◆ TASK INSTRUCTIONS ◆
Extract, verbatim, all lines starting at the one containing "Set Implicit Arguments." and ending with the final line of the listing, and no others.

◆ DATA SHOWN ◆
(* The algebra $(\mathcal{T}_\bullet,\hat{\ast})$ is a free associative algebra, freely generated by the set of non-empty reduced set compositions in $\mathsf{Comp}=\bigcup_{n\ge0}\mathsf{Comp}_n$.
   Context: $[n]=\{1,\ldots,n\}$. A set composition of a finite set $S\subset\mathbb{N}$ is a tuple $(P_1,\ldots,P_k)$ of pairwise disjoint non-empty subsets with union $S$; $\mathsf{Comp}_n$ is the set of set compositions of $[n]$ ($\mathsf{Comp}_0=\{\text{empty tuple}\}$). $\mathcal{T}_n$ is the free $\mathbb{Z}$-module on $\mathsf{Comp}_n$, $\mathcal{T}_\bullet=\bigoplus_{n\ge0}\mathcal{T}_n$. For finite $S,T\subset\mathbb{N}$ with $|S|=|T|$, $\mathsf{is}_{S,T}$ maps a set composition of $S$ to one of $T$ by applying the order-preserving bijection $S\to T$ blockwise. For set compositions $P$ of $S$ and $Q$ of $T$ with $S\cap T=\emptyset$, $P\ast Q$ is the concatenated tuple. The symmetrized product is defined bilinearly, for $P\in\mathsf{Comp}_p$, $Q\in\mathsf{Comp}_q$, by $P\,\hat{\ast}\,Q=\sum\mathsf{is}_{[p],A}(P)\ast\mathsf{is}_{[q],B}(Q)$, summed over all ordered pairs $(A,B)$ with $A\sqcup B=[p+q]$, $|A|=p$, $|B|=q$; its unit is the empty tuple. A set composition $(P_1,\ldots,P_k)\in\mathsf{Comp}_n$ is reduced if there is no $(a,m)$ with $1\le a<k$, $m<n$ and $P_1\cup\cdots\cup P_a=[m]$. *)

From mathcomp Require Import all_boot all_algebra.
From mathcomp Require Import finmap.
Set Implicit Arguments. Unset Strict Implicit. Unset Printing Implicit Defensive.
Import GRing.Theory.
Local Open Scope fset_scope.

◆ TASK ANSWER ◆
Set Implicit Arguments. Unset Strict Implicit. Unset Printing Implicit Defensive.
Import GRing.Theory.
Local Open Scope fset_scope.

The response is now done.